Just recently I am unable to receive my facebook messagener alerts , just click on them and nothing happens. Is anyone else experiencing this? 

Thanks.


----------



## pianozach (May 21, 2018)

Potiphera said:


> I'd like to ask here if its ok to post about facebook problems just incase there are any techy experts to have shared the same problems and was able to sort it out.
> Just recently I am unable to receive my facebook messagener alerts , just click on them and nothing happens. Is anyone else experiencing this?
> 
> Thanks.


Yeah, it's probably OK, but there's probably a Facebook group for that. :lol:

Seriously, in order for someone to help you out, you'll have to share your OS version and browser (type and version).

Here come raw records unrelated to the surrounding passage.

(* Let $T$ be a tree with exactly three pendant vertices $u_1,u_2,u_3$ and let $m$ be its major vertex, with $d(u_1,m)\equiv 0$, $d(u_2,m)\equiv 2$ and $d(u_3,m)\equiv 0\pmod 3$. Then $1$ is an eigenvalue of $L(T)$.
   Context: $L(T)=D(T)-A(T)$ is the Laplacian matrix of $T$. A pendant vertex has degree $1$; a major vertex has degree at least $3$. $d$ denotes distance. *)

From mathcomp Require Import all_boot all_order all_algebra.
Set Implicit Arguments. Unset Strict Implicit. Unset Printing Implicit Defensive.
Import GRing.Theory Num.Theory.

Definition simple_graph (n : nat) (e : rel 'I_n) : Prop :=
  symmetric e /\ irreflexive e.

Definition connected_graph (n : nat) (e : rel 'I_n) : Prop :=
  forall u v : 'I_n, connect e u v.

Definition acyclic_graph (n : nat) (e : rel 'I_n) : Prop :=
  forall c : seq 'I_n, 2 < size c -> uniq c -> ~~ cycle e c.

Definition is_tree (n : nat) (e : rel 'I_n) : Prop :=
  [/\ simple_graph e, connected_graph e & acyclic_graph e].

Definition deg (n : nat) (e : rel 'I_n) (v : 'I_n) : nat := #|[set w | e v w]|.

Definition pendant (n : nat) (e : rel 'I_n) (v : 'I_n) : bool := deg e v == 1%N.
Definition major (n : nat) (e : rel 'I_n) (v : 'I_n) : bool := (3 <= deg e v)%N.

Definition walk_of_len (n : nat) (e : rel 'I_n) (u v : 'I_n) (k : nat) : Prop :=
  exists p : seq 'I_n, [/\ size p = k, path e u p & last u p = v].

Definition is_dist (n : nat) (e : rel 'I_n) (u v : 'I_n) (k : nat) : Prop :=
  walk_of_len e u v k /\ forall j, (j < k)%N -> ~ walk_of_len e u v j.

Local Open Scope ring_scope.

Definition degree_mx (R : nzRingType) (n : nat) (e : rel 'I_n) : 'M[R]_n :=
  \matrix_(i, j) (if i == j then (deg e i)%:R else 0).

Definition adjacency_mx (R : nzRingType) (n : nat) (e : rel 'I_n) : 'M[R]_n :=
  \matrix_(i, j) (if e i j then 1 else 0).

Definition laplacian_mx (R : nzRingType) (n : nat) (e : rel 'I_n) : 'M[R]_n :=
  degree_mx R e - adjacency_mx R e.

From mathcomp Require Import all_boot all_order all_algebra.
From mathcomp Require Import zify.
Set Implicit Arguments. Unset Strict Implicit. Unset Printing Implicit Defensive.
Import GRing.Theory.

(* Root the tree at the major vertex m.  Counting children (every vertex but m has exactly
   one parent, so the numbers of children add up to n - 1) shows that T is a spider: m has
   three children, the leaves none and every other vertex exactly one, so T consists of three
   paths hanging from m.  Along a path, (L x)_v = x_v says x_child = x_v - x_parent, whose
   solutions are 6-periodic; taking x = 1, 1, 0, -1, -1, 0, ... from m down the legs of u1 and
   u3, and the same sequence shifted by one down the leg of u2, the equation also holds at m
   (3 - 1 - 1 - 0 = 1), and at a leaf u it holds iff x vanishes at the parent of u, which is
   exactly what the congruences on d(u, m) say. *)

Section Walks.
Variables (n : nat) (e : rel 'I_n).

Fixpoint walkb k (u v : 'I_n) : bool :=
  if k is k'.+1 then [exists w, e u w && walkb k' w v] else u == v.

Lemma walkbS k u v : walkb k.+1 u v = [exists w, e u w && walkb k w v].
Proof. by []. Qed.

Lemma walkbP k u v : reflect (walk_of_len e u v k) (walkb k u v).
Proof.
elim: k u => [|k IH] u /=.
  apply: (iffP eqP) => [->|[p [sp _ lp]]]; first by exists [::].
  by move: sp lp; case: p.
apply: (iffP existsP) => [[w /andP[euw /IH [p [sp pp lp]]]]|[[|w p] [sp pp lp]]] //.
  by exists (w :: p); rewrite /= sp euw pp lp.
move: pp => /= /andP[euw pp]; exists w; rewrite euw /=; apply/IH.
by exists p; split => //; case: sp.
Qed.

Lemma walkb_path u p : path e u p -> walkb (size p) u (last u p).
Proof. by move=> pp; apply/walkbP; exists p. Qed.

Lemma walkbD a b u v w : walkb a u v -> walkb b v w -> walkb (a + b) u w.
Proof.
elim: a u => [|a IH] u /=; first by move/eqP->.
move=> /existsP[x /andP[eux hx]] hb; apply/existsP; exists x.
by rewrite eux (IH _ hx hb).
Qed.

Lemma walkb_split u p1 z p2 : path e u (p1 ++ z :: p2) ->
  walkb (size p1).+1 u z /\ walkb (size p2) z (last z p2).
Proof.
rewrite -cat_rcons cat_path last_rcons => /andP[/walkb_path + /walkb_path].
by rewrite size_rcons last_rcons.
Qed.

Lemma acyclic_avoiding_walk x a p : acyclic_graph e ->
  e x a -> path e a p -> e (last a p) x -> x \notin a :: p -> last a p = a.
Proof.
move=> eacyc exa pap elx xn; apply/eqP/negPn/negP => nal.
case: (shortenP pap) elx nal => p' pp' up' sub elx nal.
have : cycle e [:: x, a & p'] by rewrite /= exa rcons_path pp' elx.
apply/negP/eacyc; first by case: p' {pp' up' sub elx} nal => //=; rewrite eqxx.
rewrite cons_uniq up' andbT; apply: contra xn.
by rewrite !inE => /orP[->|/sub ->]; rewrite ?orbT.
Qed.

Hypothesis esym : symmetric e.

Lemma walkbSr k u v : walkb k.+1 u v = [exists w, walkb k u w && e w v].
Proof.
elim: k u => [|k IH] u.
  apply/existsP/existsP => [[w /andP[euw /eqP <-]]|[w /andP[/eqP <- ewv]]].
    by exists u; rewrite /= eqxx.
  by exists v; rewrite /= ewv eqxx.
rewrite walkbS (eq_existsb (fun w => congr1 (andb _) (IH w))).
apply/existsP/existsP => [[w /andP[euw /existsP[x /andP[hx exv]]]]|[x /andP[hx exv]]].
  by exists x; rewrite exv andbT; apply/existsP; exists w; apply/andP.
case/existsP: hx => w /andP[euw hx].
by exists w; rewrite euw; apply/existsP; exists x; apply/andP.
Qed.

Lemma walkb_sym k u v : walkb k u v = walkb k v u.
Proof.
elim: k u v => [|k IH] u v; first by rewrite /= eq_sym.
rewrite walkbSr walkbS; apply/existsP/existsP => [[w /andP[hw ewv]]|[w /andP[evw hw]]].
  by exists w; rewrite esym ewv IH hw.
by exists w; rewrite IH hw esym evw.
Qed.

End Walks.

Lemma sum_leq_eq (I : finType) (F G : I -> nat) :
  (forall i, F i <= G i) -> \sum_i G i <= \sum_i F i -> forall i, F i = G i.
Proof.
move=> leFG leGF i; apply/eqP; rewrite eqn_leq leFG /=.
have := @leq_sum _ (index_enum I) (fun j => j != i) _ _ (fun j _ => leFG j).
by move: leGF; rewrite (bigD1 i) //= [X in _ <= X](bigD1 i) //=; lia.
Qed.

Section LaplacianRow.
Local Open Scope ring_scope.
Variables (R : nzRingType) (n : nat) (e : rel 'I_n).

Lemma mulmx_laplacian (x : 'rV[R]_n) j :
  (x *m laplacian_mx R e) 0 j = x 0 j *+ deg e j - \sum_(i | e i j) x 0 i.
Proof.
rewrite mxE /laplacian_mx; under eq_bigr => i _ do rewrite !mxE mulrBr.
rewrite sumrB (bigD1 j) //= eqxx big1 => [|i /negbTE->]; last by rewrite mulr0.
rewrite addr0 mulr_natr; congr (_ - _); rewrite [RHS]big_mkcond; apply: eq_bigr => i _.
by case: (e i j); rewrite ?mulr1 ?mulr0.
Qed.

End LaplacianRow.

Section Eig1Seq.
Local Open Scope ring_scope.
Variable R : nzRingType.

(* 1, 1, 0, -1, -1, 0, ...: the recurrence is the equation (L x)_v = x_v at a vertex of degree 2. *)
Fixpoint eig1_seq (t : nat) : R :=
  if t is t'.+1 then (if t' is t''.+1 then eig1_seq t' - eig1_seq t'' else 1) else 1.

Lemma eig1_seqSS t : eig1_seq t.+2 = eig1_seq t.+1 - eig1_seq t.
Proof. by []. Qed.

Lemma eig1_seq_add3 t : eig1_seq (t + 3) = - eig1_seq t.
Proof. by rewrite addn3 !eig1_seqSS addrAC subrr add0r. Qed.

Lemma eig1_seq_mod3_eq2 t : (t %% 3 = 2)%N -> eig1_seq t = 0.
Proof.
move=> t3; rewrite (divn_eq t 3) t3; elim: (t %/ 3)%N => [|q IH]; first by rewrite /= subrr.
by rewrite (_ : q.+1 * 3 + 2 = q * 3 + 2 + 3)%N ?eig1_seq_add3 ?IH ?oppr0 //; lia.
Qed.

End Eig1Seq.

Section RootedTree.
Variables (n : nat) (e : rel 'I_n) (r : 'I_n).
Hypotheses (esym : symmetric e) (eirr : irreflexive e).
Hypotheses (econn : connected_graph e) (eacyc : acyclic_graph e).

Lemma exists_walk_from_root v : exists k, walkb e k r v.
Proof. by have /connectP[p pp ->] := econn r v; exists (size p); apply: walkb_path. Qed.

Definition depth v := ex_minn (exists_walk_from_root v).

Lemma depth_walk v : walkb e (depth v) r v.
Proof. by rewrite /depth; case: ex_minnP. Qed.

Lemma depth_min v k : walkb e k r v -> depth v <= k.
Proof. by rewrite /depth; case: ex_minnP => j _; apply. Qed.

Lemma depth_eq0 v : (depth v == 0) = (v == r).
Proof.
apply/idP/idP => [/eqP d0|/eqP->]; last by rewrite -leqn0; apply: depth_min; rewrite /= eqxx.
by have := depth_walk v; rewrite d0 eq_sym.
Qed.

Lemma depth_root : depth r = 0.
Proof. by apply/eqP; rewrite depth_eq0. Qed.

Lemma depth_adj_le v w : e v w -> depth w <= (depth v).+1.
Proof.
move=> evw; rewrite -addn1; apply: depth_min; apply: walkbD (depth_walk v) _.
by rewrite walkbS; apply/existsP; exists w; rewrite evw /= eqxx.
Qed.

Lemma exists_lower_nbr v : v != r -> exists2 p, e v p & (depth p).+1 = depth v.
Proof.
rewrite -depth_eq0 -lt0n => v_gt0; have := depth_walk v; rewrite walkb_sym //.
case E: (depth v) v_gt0 => [|k] // _; rewrite walkbS => /existsP[p /andP[evp hp]].
exists p => //; rewrite walkb_sym // in hp.
have /depth_adj_le : e p v by rewrite esym.
by have := depth_min hp; lia.
Qed.

(* The two walks to the root from distinct neighbours of [v] would close a cycle through [v]. *)
Lemma lower_nbr_uniq v p q :
  e v p -> e v q -> depth p < depth v -> depth q <= depth v -> p = q.
Proof.
move=> evp evq ltp leq.
have /walkbP[r1 [s1 pr1 lr1]] : walkb e (depth p) p r by rewrite walkb_sym ?depth_walk.
have /walkbP[r2 [s2 pr2 lr2]] := depth_walk q.
have pr : path e p (r1 ++ r2) by rewrite cat_path pr1 lr1.
have := acyclic_avoiding_walk eacyc evp pr; rewrite last_cat lr1 lr2 esym.
move=> /(_ evq) qp; symmetry; apply: qp.
rewrite inE mem_cat !negb_or; apply/and3P; split.
- by apply: contraTneq ltp => <-; rewrite ltnn.
- apply/negP => v_r1; case/splitPr: v_r1 pr1 s1 lr1 => a b pr1 s1 lr1.
  have [_] := walkb_split pr1; rewrite last_cat /= in lr1.
  rewrite lr1 walkb_sym // => /depth_min.
  by rewrite size_cat /= in s1; lia.
- apply/negP => v_r2; case/splitPr: v_r2 pr2 s2 lr2 => a b pr2 s2 lr2.
  have [/depth_min] := walkb_split pr2; rewrite size_cat /= in s2.
  case: b {pr2} s2 lr2 => [|? b] s2 lr2 dv _; last by rewrite /= in s2; lia.
  by move: evq; rewrite -lr2 last_cat eirr.
Qed.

My first inclination is to ask if you've tried rebooting your hardware.


----------



## DaveM (Jun 29, 2015)

Are you using an iPad/tablet, iPhone/smartphone or a computer? (Since you said ‘click on them’, I’m assuming it’s a computer.)


----------



## Potiphera (Mar 24, 2011)

Sorry everyone, I am using an Apple Mac laptop.. 

I didn't think of looking on a Facebook group to put my question to, besides often times the response can be quicker on a forum. I know that some forums have some techy experts that can help with glitches. But panic over, the issue seems to have solved by itself somehow, as it was left off overnight, and switched on this morning, it seems ok now. Thanks.


----------



## progmatist (Apr 3, 2021)

Potiphera said:


> Sorry everyone, I am using an Apple Mac laptop..
> 
> I didn't think of looking on a Facebook group to put my question to, besides often times the response can be quicker on a forum. I know that some forums have some techy experts that can help with glitches. But panic over, the issue seems to have solved by itself somehow, as it was left off overnight, and switched on this morning, it seems ok now. Thanks.


Sometimes glitches exist on the server side. In this case, it may have been Facebook having problems with their servers. Not anything wrong with your computer, or how you use it.


----------